Am 18. Dezember 2023 hat der Ständerat die Motion 23.4041 «Sozialversicherung. Umfassende und einheitliche Rechtsgrundlage für das elektronische Verfahren schaffen (eATSG)» gutgeheissen. Der Nationalrat hat das Geschäft noch nicht behandelt. Die Motion verlangt die Schaffung einer umfassenden und gesamtheitlichen Rechtsgrundlage für das elektronische Verfahren (eATSG) im Bundesgesetz über den Allgemeinen Teil des Sozialversicherungsrechts (ATSG, SR 830.1). Der Entscheid über die Motion ist abzuwarten, bevor über das weitere Vorgehen zum VE-BISS entschieden wird, weil Regelungen im ATSG wohl verschiedene Bestimmungen im BISS überflüssig machen würden. Grundsätzlich begrüssen wir die Absicht des Bundesrates, rechtliche Rahmenbedingungen zu schaffen, die eine digitale Kommunikation in den Sozialversicherungen ermöglichen (Art. 6, 7, 8 VE-BISS). Eine neue Plattformlösung, die in jedem Fall unter Einbezug der kantonalen Durchführungsstellen erarbeitet werden muss, würde einen einfachen, einheitlichen und transparenten Datenaustausch bei der Durchführung von bundesrechtlich geregelten Sozialversicherungen ermöglichen. Sollte eine Plattformlösung eingeführt werden, wären auch die Überbrückungsleistungen für ältere Arbeitslose gemäss dem Bundesgesetz über Überbrückungsleistungen für ältere Arbeitslose (SR 837.2) miteinzubeziehen. Zudem wären sämtliche bundesgesetzlich geregelten Ergänzungsleistungen, insbesondere auch die kantonalen Beihilfen und Zuschüsse gemäss Art. 2 Abs. 2 des Bundesgesetzes über Ergänzungsleistungen zur Alters-, Hinterlassenen- und Invalidenversicherung (SR 831. 30), zu erfassen.
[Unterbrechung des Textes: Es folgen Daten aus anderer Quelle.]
Theorem theorem1
  (m n1 n2 : nat)
  (X1 : vec n1 -> Prop) (X2 : vec n2 -> Prop)
  (phi1 : vec n1 -> R) (phi2 : vec n2 -> R)
  (A1 : mat m n1) (A2 : mat m n2) (b : vec m)
  (p1 : vec n1 -> R) (p2 : vec n2 -> R) (sigma1 sigma2 : R)
  (nA1 nA2 : R)
  (hX1 : enonempty_set X1 /\ eclosed_set X1 /\ econvex_set X1 /\ ebounded_set X1)
  (hX2 : enonempty_set X2 /\ eclosed_set X2 /\ econvex_set X2 /\ ebounded_set X2)
  (hphi1 : econvex_fun phi1) (hphi2 : econvex_fun phi2)
  (hp1 : eprox_function X1 p1 sigma1) (hp2 : eprox_function X2 p2 sigma2)
  (hnA1 : is_opnorm A1 nA1) (hnA2 : is_opnorm A2 nA2)
  (beta1 beta2 tau : R)
  (hbeta1 : 0 < beta1) (hbeta2 : 0 < beta2) (htau : 0 < tau < 1)
  (xb1 : vec n1) (xb2 : vec n2) (yb : vec m)
  (hxb1 : X1 xb1) (hxb2 : X2 xb2)
  (xs1 : vec n1) (xs2 : vec n2)
  (hxs : is_xstar phi1 phi2 A1 A2 b p1 p2 X1 X2 yb beta1 xs1 xs2)
  (hgap : fval phi1 phi2 A1 A2 b xb1 xb2 beta2
          <= dobj phi1 phi2 A1 A2 b p1 p2 yb beta1 xs1 xs2)
  (hbeta : beta1 * beta2 >=
           2 * tau ^ 2 / (1 - tau) ^ 2 * Rmax (nA1 ^ 2 / sigma1) (nA2 ^ 2 / sigma2))
  (xh1 : vec n1) (xh2 : vec n2)
  (hxh1 : xh1 = vadd (vscal (1 - tau) xb1) (vscal tau xs1))
  (hxh2 : xh2 = vadd (vscal (1 - tau) xb2) (vscal tau xs2))
  (yp : vec m)
  (hyp : yp = vadd (vscal (1 - tau) yb)
                   (vscal tau (ystar A1 A2 b xh1 xh2 ((1 - tau) * beta2))))
  (xp1 : vec n1) (xp2 : vec n2)
  (hxp1 : eis_argmin X1 (Pobj1 phi1 A1 A2 b nA1 xh1 xh2 ((1 - tau) * beta2)) xp1)
  (hxp2 : eis_argmin X2 (Pobj2 phi2 A1 A2 b nA2 xh1 xh2 ((1 - tau) * beta2)) xp2) :
  X1 xp1 /\ X2 xp2 /\
  forall zs1 zs2,
    is_xstar phi1 phi2 A1 A2 b p1 p2 X1 X2 yp ((1 - tau) * beta1) zs1 zs2 ->
    fval phi1 phi2 A1 A2 b xp1 xp2 ((1 - tau) * beta2)
      <= dobj phi1 phi2 A1 A2 b p1 p2 yp ((1 - tau) * beta1) zs1 zs2.
Proof.
case: hX1 => _ [_ [cX1 _]]; case: hX2 => _ [_ [cX2 _]].
case: hp1 => _ [hs1 [sc1 _]]; case: hp2 => _ [hs2 [sc2 _]].
case: hxp1 => xp1_in xp1_min; case: hxp2 => xp2_in xp2_min.
split=> //; split=> // zs1 zs2 [zs1_in [zs2_in _]].
have htau' : 0 <= tau <= 1 by lra.
have beta2p_gt0 : 0 < (1 - tau) * beta2 by nra.
(* Dual side: growth of d's objective, combined with the excessive gap. *)
have growth := dobj_growth cX1 cX2 hphi1 hphi2 sc1 sc2 (Rlt_le _ _ hbeta1)
  (Rlt_le _ _ hs1) (Rlt_le _ _ hs2) hxs zs1_in zs2_in.
have scaled_gap := Rmult_le_compat_l (1 - tau) _ _ ltac:(lra)
  (Rle_trans _ _ _ (Rplus_le_compat_r _ _ _ hgap) growth).
(* Primal side: majorant, then compare x+ with tau zs + (1 - tau) xb. *)
have majorant := fval_majorant phi1 phi2 b xh1 xh2 xp1 xp2 hnA1 hnA2 beta2p_gt0.
have prox1 := Rle_trans _ _ _ (xp1_min _ (cX1 _ _ _ zs1_in hxb1 htau'))
  (prox_obj_at_interpolant A1 (ystar A1 A2 b xh1 xh2 ((1 - tau) * beta2))
     (2 * nA1 ^ 2 / ((1 - tau) * beta2)) zs1 hphi1 htau' hxh1).
have prox2 := Rle_trans _ _ _ (xp2_min _ (cX2 _ _ _ zs2_in hxb2 htau'))
  (prox_obj_at_interpolant A2 (ystar A1 A2 b xh1 xh2 ((1 - tau) * beta2))
     (2 * nA2 ^ 2 / ((1 - tau) * beta2)) zs2 hphi2 htau' hxh2).
have resid_xh : resid A1 A2 b xh1 xh2 = vadd (vscal (1 - tau) (resid A1 A2 b xb1 xb2))
                                          (vscal tau (resid A1 A2 b xs1 xs2)).
  by rewrite hxh1 hxh2 resid_affine //; ring.
have gap := interpolation_gap htau hbeta2 resid_xh.
have step1 := Rmult_le_compat_r _ _ _ (pow2_ge_0 (nrm (vsub zs1 xs1)))
  (step_size_condition hs1 hbeta2 htau (Rmax_l _ _) hbeta).
have step2 := Rmult_le_compat_r _ _ _ (pow2_ge_0 (nrm (vsub zs2 xs2)))
  (step_size_condition hs2 hbeta2 htau (Rmax_r _ _) hbeta).
rewrite hyp dobj_affine (resid_shift A1 A2 b zs1 zs2 xs1 xs2).
rewrite (dot_addr (resid A1 A2 b xs1 xs2)) (dot_addr (mv A1 (vsub zs1 xs1))).
rewrite /ystar in prox1 prox2 *; rewrite /fval in scaled_gap.
lra.
Qed.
Die Entwicklung und der Betrieb einer Plattform müsste in enger Zusammenarbeit mit den kantonalen Durchführungsstellen erfolgen und die kantonalen Aufsichtsstellen der Durchführungsstellen (Kanton Zürich: Kantonales Sozialamt) müssten Zugriffsberechtigungen auf die Datenplattform erhalten, um eine effiziente Steuerung und Kontrolle zu ermöglichen.
II. Mitteilung an die Geschäftsleitung des Kantonsrates, die Mitglieder des Regierungsrates sowie an die Sicherheitsdirektion.